# Instructions to follow:
Please reproduce exactly the lines from the start of the records through the one containing "<> [set one].", and nothing more.

# Given records:

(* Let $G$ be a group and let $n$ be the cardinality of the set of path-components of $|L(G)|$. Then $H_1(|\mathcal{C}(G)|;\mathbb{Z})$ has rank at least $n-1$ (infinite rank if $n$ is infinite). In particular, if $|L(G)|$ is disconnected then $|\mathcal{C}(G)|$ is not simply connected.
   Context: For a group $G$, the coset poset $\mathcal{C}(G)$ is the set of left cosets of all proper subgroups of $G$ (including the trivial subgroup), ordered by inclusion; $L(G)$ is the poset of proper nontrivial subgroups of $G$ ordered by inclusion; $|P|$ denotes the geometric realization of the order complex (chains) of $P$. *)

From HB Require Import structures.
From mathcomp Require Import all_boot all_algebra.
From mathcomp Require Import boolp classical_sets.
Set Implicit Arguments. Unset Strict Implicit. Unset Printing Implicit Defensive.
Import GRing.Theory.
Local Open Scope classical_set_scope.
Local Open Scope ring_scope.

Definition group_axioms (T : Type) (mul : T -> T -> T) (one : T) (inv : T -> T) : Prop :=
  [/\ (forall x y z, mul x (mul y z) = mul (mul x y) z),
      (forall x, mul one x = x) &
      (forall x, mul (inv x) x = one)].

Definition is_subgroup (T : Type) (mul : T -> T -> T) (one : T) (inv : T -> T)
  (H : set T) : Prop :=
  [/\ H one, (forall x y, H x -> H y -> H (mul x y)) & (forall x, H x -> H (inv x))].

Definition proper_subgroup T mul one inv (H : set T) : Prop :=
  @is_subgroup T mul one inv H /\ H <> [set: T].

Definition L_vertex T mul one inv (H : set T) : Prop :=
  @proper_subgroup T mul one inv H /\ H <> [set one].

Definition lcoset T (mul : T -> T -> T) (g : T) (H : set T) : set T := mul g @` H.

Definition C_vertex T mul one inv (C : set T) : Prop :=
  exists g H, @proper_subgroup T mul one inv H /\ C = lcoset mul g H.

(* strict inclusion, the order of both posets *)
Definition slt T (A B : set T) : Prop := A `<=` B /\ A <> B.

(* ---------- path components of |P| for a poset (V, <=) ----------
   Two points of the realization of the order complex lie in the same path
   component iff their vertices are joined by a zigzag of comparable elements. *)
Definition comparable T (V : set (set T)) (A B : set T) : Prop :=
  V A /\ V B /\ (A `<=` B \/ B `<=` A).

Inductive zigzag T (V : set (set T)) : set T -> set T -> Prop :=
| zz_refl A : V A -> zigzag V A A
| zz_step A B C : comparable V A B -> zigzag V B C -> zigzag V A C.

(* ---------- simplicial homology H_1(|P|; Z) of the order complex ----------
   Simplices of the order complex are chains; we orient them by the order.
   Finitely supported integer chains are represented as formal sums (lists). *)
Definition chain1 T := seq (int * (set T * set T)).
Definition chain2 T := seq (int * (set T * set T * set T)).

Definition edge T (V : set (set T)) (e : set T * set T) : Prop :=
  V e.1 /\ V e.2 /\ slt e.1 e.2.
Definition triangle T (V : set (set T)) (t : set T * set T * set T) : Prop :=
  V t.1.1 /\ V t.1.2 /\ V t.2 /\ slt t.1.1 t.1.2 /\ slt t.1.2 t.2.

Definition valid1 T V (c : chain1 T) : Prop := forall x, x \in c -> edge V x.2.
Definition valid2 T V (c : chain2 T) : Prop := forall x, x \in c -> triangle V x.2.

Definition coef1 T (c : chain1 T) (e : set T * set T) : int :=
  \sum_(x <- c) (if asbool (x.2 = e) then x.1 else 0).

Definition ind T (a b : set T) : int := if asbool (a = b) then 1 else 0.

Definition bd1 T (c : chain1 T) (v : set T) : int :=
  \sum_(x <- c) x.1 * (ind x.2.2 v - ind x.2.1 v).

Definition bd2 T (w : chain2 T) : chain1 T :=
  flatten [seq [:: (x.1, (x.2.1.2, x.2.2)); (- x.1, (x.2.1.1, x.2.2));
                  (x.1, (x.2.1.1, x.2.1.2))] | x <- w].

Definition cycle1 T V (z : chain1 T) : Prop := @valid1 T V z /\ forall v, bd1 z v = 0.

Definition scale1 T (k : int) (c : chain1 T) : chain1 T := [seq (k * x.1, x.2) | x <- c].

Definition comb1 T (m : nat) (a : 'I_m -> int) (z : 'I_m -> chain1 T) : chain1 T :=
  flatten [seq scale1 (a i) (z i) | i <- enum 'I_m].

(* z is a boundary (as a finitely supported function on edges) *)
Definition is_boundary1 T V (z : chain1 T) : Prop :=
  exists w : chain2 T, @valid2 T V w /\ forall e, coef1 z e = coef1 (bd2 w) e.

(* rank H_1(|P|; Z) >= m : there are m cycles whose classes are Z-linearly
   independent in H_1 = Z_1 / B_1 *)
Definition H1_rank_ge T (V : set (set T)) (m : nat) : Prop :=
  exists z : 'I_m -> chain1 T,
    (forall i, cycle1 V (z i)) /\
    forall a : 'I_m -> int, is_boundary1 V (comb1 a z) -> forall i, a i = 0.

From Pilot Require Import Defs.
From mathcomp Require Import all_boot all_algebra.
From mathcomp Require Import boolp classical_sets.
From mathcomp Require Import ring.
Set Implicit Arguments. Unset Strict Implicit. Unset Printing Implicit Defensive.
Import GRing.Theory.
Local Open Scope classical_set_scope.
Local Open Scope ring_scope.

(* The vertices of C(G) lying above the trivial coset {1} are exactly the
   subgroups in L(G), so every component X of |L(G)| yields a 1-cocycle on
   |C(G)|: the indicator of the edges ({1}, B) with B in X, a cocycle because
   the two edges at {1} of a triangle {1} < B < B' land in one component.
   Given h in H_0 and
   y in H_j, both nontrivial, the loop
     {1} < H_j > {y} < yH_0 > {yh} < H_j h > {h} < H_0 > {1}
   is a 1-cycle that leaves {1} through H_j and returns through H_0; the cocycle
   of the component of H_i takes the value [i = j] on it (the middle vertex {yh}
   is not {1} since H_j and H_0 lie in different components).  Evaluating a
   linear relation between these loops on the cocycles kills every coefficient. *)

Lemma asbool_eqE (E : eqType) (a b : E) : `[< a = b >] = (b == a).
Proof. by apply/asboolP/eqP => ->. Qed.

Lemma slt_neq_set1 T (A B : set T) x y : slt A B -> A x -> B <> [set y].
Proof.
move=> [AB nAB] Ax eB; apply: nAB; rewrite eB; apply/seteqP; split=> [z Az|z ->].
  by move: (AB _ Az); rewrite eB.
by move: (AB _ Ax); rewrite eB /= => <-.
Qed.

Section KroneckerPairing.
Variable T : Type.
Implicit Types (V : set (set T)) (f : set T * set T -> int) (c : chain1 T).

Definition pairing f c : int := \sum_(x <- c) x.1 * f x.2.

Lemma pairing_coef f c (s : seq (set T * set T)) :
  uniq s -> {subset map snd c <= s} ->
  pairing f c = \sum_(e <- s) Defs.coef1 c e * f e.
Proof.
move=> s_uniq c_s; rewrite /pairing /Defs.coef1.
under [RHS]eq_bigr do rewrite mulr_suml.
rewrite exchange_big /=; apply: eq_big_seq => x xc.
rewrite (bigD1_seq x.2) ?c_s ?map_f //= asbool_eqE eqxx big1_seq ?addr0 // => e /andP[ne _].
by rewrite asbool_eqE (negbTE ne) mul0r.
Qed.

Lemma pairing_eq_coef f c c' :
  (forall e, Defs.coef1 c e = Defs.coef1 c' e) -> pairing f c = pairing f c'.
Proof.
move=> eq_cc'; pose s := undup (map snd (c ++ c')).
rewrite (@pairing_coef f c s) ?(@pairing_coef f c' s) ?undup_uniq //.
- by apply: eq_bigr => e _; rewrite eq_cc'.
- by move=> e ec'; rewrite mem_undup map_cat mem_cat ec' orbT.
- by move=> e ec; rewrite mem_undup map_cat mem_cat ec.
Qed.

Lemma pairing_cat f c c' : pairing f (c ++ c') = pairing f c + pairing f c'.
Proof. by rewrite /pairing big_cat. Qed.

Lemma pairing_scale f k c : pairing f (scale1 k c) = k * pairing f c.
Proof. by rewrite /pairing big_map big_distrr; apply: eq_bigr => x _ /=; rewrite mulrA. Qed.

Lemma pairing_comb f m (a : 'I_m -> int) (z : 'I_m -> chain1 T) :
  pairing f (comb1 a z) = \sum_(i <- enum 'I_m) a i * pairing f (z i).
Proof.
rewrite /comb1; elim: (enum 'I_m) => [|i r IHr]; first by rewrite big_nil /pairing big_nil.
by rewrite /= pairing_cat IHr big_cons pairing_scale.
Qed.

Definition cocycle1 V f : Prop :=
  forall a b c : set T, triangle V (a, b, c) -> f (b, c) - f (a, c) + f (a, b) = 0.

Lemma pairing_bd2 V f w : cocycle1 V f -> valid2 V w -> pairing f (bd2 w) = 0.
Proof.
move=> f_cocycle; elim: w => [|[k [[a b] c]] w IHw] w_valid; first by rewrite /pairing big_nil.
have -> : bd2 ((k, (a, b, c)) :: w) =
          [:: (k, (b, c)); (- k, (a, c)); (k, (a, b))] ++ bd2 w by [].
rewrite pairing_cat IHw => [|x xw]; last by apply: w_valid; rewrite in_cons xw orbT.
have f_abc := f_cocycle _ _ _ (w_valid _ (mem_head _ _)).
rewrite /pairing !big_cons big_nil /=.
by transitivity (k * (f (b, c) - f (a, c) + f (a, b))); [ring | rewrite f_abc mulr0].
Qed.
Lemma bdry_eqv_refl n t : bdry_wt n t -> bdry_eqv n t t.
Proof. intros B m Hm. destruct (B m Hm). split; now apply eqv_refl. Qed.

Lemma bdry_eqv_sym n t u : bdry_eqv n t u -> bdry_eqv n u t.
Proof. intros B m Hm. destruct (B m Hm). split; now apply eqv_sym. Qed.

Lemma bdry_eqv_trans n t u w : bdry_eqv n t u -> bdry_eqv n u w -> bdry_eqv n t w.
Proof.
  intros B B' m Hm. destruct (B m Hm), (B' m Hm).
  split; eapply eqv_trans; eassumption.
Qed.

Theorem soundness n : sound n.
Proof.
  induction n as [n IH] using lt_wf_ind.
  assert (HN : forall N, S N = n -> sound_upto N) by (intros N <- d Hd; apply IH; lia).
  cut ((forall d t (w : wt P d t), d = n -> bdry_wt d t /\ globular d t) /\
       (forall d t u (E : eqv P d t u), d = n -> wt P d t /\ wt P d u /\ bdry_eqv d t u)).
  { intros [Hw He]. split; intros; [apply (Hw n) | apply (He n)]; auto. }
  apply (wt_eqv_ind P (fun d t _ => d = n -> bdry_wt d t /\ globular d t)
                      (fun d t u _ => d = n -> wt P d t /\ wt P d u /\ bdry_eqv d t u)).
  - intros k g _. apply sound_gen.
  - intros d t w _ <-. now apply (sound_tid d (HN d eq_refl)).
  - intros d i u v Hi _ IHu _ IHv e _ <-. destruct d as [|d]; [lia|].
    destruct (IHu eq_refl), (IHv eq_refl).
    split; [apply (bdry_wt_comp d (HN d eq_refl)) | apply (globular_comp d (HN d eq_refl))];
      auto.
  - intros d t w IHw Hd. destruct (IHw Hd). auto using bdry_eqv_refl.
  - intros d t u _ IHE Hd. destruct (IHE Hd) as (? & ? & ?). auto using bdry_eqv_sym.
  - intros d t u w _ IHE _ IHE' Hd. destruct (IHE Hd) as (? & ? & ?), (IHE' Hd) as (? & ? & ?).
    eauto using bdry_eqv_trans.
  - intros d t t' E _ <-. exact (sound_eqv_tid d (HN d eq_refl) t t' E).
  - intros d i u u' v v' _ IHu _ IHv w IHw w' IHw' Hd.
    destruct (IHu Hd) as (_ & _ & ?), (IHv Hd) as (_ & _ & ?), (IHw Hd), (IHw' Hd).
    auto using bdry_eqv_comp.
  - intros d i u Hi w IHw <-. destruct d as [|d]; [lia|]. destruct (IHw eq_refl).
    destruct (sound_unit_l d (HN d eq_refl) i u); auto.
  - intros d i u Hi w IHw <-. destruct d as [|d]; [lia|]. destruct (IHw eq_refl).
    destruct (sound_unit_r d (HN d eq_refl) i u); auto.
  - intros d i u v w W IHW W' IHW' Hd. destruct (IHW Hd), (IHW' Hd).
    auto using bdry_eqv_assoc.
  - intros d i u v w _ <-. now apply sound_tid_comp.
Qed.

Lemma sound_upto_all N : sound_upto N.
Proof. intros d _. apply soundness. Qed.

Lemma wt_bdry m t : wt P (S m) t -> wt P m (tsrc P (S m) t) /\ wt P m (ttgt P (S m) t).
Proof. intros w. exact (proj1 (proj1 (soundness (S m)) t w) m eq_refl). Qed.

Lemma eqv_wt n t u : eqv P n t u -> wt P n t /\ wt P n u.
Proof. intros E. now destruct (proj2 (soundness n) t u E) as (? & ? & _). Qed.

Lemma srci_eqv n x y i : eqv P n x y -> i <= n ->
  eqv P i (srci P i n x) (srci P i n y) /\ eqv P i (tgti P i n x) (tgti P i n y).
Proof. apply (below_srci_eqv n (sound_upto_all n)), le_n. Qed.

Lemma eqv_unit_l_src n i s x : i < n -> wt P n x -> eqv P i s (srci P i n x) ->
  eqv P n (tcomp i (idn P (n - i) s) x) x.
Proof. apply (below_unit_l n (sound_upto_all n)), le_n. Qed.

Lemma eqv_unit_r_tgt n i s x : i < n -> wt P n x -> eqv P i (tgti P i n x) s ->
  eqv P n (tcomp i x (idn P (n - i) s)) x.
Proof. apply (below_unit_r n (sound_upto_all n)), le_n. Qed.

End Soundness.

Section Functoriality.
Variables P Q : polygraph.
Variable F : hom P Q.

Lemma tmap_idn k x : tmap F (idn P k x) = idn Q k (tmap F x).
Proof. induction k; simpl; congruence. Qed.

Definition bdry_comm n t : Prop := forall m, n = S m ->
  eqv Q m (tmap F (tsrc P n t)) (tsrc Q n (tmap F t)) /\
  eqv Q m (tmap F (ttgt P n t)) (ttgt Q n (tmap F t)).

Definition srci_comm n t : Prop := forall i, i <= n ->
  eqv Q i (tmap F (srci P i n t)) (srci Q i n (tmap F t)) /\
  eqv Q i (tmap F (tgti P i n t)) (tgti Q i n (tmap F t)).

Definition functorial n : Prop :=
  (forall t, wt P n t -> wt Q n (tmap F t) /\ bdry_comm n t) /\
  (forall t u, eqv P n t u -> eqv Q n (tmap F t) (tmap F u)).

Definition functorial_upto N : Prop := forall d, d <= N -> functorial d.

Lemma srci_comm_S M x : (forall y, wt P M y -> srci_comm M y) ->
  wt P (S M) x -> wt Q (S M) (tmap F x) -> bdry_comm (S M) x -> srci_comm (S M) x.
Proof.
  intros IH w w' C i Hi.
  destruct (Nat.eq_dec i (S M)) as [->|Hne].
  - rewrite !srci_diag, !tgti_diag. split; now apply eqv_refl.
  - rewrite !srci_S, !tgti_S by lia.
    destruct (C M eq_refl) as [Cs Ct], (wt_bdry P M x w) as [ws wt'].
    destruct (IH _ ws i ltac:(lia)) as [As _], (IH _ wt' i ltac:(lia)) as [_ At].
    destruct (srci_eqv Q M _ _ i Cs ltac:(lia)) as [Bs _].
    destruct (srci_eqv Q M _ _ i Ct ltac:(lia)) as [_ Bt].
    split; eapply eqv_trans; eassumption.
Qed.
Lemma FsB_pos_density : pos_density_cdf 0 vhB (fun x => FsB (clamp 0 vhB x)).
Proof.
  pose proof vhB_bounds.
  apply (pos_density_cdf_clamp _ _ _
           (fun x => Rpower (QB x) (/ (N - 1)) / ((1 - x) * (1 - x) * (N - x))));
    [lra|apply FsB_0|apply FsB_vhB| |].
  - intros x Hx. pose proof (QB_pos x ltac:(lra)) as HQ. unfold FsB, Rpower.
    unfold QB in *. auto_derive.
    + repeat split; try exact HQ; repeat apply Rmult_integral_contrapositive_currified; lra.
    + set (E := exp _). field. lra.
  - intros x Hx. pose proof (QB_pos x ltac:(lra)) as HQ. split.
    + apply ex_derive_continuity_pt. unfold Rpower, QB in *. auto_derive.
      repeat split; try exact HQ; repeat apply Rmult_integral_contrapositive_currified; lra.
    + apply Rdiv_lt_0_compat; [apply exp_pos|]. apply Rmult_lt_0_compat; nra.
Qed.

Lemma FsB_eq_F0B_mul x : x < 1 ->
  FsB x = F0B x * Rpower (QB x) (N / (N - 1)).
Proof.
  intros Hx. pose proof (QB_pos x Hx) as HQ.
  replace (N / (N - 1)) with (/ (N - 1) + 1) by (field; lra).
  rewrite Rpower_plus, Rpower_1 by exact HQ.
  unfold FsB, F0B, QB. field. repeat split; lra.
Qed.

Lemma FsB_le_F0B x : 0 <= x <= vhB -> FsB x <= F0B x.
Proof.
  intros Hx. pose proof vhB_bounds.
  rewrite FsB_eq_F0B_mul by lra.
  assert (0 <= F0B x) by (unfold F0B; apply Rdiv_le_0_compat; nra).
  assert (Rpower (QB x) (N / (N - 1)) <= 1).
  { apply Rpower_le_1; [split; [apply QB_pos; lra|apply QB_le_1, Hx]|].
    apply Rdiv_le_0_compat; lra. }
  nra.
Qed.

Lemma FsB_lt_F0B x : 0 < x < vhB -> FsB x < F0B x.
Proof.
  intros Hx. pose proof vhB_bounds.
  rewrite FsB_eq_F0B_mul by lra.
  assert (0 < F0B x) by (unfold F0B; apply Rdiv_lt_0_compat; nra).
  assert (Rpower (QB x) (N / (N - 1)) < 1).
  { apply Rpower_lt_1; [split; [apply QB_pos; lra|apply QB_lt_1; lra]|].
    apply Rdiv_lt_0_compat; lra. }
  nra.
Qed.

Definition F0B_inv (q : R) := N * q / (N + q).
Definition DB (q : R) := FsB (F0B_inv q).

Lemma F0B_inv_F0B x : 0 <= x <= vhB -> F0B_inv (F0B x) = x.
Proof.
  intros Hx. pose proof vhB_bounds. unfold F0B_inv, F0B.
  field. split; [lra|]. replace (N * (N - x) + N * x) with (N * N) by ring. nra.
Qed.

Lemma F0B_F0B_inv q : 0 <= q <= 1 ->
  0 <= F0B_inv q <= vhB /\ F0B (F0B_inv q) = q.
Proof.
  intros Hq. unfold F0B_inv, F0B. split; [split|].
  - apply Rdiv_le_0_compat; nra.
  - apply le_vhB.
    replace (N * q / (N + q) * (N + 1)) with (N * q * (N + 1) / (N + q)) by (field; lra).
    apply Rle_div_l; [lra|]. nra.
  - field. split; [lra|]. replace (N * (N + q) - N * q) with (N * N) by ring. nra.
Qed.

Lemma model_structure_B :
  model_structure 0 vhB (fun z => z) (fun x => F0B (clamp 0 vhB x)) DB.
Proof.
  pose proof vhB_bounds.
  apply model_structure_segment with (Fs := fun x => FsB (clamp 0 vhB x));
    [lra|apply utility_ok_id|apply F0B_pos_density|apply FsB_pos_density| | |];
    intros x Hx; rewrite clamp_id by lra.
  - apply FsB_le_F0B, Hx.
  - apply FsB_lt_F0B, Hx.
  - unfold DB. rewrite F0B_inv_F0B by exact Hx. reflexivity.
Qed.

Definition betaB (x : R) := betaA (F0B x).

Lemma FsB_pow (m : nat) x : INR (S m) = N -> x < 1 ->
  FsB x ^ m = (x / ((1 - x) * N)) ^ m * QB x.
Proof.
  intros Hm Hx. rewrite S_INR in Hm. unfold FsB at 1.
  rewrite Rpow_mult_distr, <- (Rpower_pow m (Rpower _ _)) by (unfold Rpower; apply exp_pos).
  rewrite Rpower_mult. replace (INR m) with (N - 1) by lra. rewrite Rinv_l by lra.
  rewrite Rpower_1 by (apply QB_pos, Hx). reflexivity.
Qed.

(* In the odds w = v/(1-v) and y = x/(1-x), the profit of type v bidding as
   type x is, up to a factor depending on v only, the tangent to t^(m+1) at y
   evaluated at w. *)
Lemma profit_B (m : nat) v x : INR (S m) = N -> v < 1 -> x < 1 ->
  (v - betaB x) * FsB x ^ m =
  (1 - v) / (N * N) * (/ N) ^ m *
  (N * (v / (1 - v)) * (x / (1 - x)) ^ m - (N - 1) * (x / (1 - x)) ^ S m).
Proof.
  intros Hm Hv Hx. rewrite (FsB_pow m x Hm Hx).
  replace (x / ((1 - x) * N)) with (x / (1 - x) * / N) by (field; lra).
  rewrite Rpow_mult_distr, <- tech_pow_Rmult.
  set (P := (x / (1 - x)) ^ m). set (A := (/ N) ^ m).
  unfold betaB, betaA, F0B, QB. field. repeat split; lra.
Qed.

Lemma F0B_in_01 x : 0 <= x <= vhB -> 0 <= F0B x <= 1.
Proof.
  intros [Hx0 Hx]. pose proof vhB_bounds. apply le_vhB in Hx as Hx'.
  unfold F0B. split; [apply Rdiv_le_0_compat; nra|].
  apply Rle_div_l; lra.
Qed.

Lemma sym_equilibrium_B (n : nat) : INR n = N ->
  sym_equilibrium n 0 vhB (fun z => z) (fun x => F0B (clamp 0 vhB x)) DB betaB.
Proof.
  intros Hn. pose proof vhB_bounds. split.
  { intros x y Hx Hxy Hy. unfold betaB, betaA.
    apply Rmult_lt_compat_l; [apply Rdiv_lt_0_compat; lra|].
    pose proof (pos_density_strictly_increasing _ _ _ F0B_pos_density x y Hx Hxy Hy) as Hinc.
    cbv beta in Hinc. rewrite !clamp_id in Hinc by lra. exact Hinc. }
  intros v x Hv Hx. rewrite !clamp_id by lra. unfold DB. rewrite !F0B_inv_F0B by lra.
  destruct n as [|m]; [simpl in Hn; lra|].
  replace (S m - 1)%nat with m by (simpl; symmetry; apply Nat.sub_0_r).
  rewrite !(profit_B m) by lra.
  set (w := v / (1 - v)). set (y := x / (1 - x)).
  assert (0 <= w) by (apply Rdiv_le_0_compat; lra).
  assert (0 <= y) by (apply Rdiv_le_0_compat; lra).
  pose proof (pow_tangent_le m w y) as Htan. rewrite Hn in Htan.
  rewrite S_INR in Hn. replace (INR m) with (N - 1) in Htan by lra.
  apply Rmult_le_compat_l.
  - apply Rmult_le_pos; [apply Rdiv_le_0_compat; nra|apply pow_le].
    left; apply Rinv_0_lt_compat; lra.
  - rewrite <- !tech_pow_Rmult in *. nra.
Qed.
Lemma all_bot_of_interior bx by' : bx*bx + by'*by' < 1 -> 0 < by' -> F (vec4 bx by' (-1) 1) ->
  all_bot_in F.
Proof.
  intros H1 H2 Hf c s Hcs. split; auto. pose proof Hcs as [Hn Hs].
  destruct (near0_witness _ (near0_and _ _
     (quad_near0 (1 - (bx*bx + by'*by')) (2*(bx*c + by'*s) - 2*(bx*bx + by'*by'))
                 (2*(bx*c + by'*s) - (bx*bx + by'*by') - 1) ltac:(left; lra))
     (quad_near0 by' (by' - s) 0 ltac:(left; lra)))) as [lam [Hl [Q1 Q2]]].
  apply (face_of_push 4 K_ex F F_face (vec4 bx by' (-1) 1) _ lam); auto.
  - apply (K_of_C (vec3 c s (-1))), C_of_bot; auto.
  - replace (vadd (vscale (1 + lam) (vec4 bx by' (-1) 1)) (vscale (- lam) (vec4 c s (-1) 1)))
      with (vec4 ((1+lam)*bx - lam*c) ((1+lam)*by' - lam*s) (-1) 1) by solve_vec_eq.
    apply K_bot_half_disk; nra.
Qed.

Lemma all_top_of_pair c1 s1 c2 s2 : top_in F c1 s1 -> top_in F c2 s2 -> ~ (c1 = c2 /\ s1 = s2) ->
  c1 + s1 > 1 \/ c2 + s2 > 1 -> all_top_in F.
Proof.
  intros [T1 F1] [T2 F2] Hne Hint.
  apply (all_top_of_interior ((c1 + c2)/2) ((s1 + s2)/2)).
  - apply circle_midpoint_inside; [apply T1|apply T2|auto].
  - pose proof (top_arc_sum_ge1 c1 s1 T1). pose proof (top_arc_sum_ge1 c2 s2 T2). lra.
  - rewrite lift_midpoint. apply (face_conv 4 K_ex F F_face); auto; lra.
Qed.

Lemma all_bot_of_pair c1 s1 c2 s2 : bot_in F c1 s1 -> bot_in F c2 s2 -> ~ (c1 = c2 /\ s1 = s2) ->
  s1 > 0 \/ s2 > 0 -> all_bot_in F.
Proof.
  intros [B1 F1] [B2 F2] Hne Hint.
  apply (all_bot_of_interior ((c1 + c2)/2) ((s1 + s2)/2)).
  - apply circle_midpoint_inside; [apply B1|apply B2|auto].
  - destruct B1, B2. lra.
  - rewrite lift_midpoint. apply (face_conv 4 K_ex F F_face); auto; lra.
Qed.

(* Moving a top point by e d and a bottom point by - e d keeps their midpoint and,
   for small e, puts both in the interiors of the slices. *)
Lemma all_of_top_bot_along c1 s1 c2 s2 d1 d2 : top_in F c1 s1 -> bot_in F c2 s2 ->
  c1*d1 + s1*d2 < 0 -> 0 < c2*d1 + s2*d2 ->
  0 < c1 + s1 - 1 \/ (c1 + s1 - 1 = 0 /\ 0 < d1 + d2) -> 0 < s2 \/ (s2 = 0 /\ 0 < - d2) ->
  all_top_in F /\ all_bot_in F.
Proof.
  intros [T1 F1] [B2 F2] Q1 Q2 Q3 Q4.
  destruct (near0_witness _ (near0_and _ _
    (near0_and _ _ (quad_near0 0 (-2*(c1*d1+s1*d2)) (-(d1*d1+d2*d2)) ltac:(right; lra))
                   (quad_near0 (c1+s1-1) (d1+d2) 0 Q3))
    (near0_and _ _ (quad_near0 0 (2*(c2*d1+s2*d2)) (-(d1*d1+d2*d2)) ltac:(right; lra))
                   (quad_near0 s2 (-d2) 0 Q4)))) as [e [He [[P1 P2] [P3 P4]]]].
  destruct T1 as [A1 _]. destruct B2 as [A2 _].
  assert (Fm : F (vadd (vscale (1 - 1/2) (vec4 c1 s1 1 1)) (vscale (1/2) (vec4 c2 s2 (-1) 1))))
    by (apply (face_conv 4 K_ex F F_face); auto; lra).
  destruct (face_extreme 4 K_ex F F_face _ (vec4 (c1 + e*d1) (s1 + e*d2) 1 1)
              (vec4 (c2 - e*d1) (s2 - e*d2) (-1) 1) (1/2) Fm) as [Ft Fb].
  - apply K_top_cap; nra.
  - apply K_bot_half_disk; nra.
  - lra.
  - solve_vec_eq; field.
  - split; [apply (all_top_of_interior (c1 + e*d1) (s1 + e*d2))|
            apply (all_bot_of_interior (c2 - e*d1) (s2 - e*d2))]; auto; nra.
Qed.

# Task output:
(* Let $G$ be a group and let $n$ be the cardinality of the set of path-components of $|L(G)|$. Then $H_1(|\mathcal{C}(G)|;\mathbb{Z})$ has rank at least $n-1$ (infinite rank if $n$ is infinite). In particular, if $|L(G)|$ is disconnected then $|\mathcal{C}(G)|$ is not simply connected.
   Context: For a group $G$, the coset poset $\mathcal{C}(G)$ is the set of left cosets of all proper subgroups of $G$ (including the trivial subgroup), ordered by inclusion; $L(G)$ is the poset of proper nontrivial subgroups of $G$ ordered by inclusion; $|P|$ denotes the geometric realization of the order complex (chains) of $P$. *)

From HB Require Import structures.
From mathcomp Require Import all_boot all_algebra.
From mathcomp Require Import boolp classical_sets.
Set Implicit Arguments. Unset Strict Implicit. Unset Printing Implicit Defensive.
Import GRing.Theory.
Local Open Scope classical_set_scope.
Local Open Scope ring_scope.

Definition group_axioms (T : Type) (mul : T -> T -> T) (one : T) (inv : T -> T) : Prop :=
  [/\ (forall x y z, mul x (mul y z) = mul (mul x y) z),
      (forall x, mul one x = x) &
      (forall x, mul (inv x) x = one)].

Definition is_subgroup (T : Type) (mul : T -> T -> T) (one : T) (inv : T -> T)
  (H : set T) : Prop :=
  [/\ H one, (forall x y, H x -> H y -> H (mul x y)) & (forall x, H x -> H (inv x))].

Definition proper_subgroup T mul one inv (H : set T) : Prop :=
  @is_subgroup T mul one inv H /\ H <> [set: T].

Definition L_vertex T mul one inv (H : set T) : Prop :=
  @proper_subgroup T mul one inv H /\ H <> [set one].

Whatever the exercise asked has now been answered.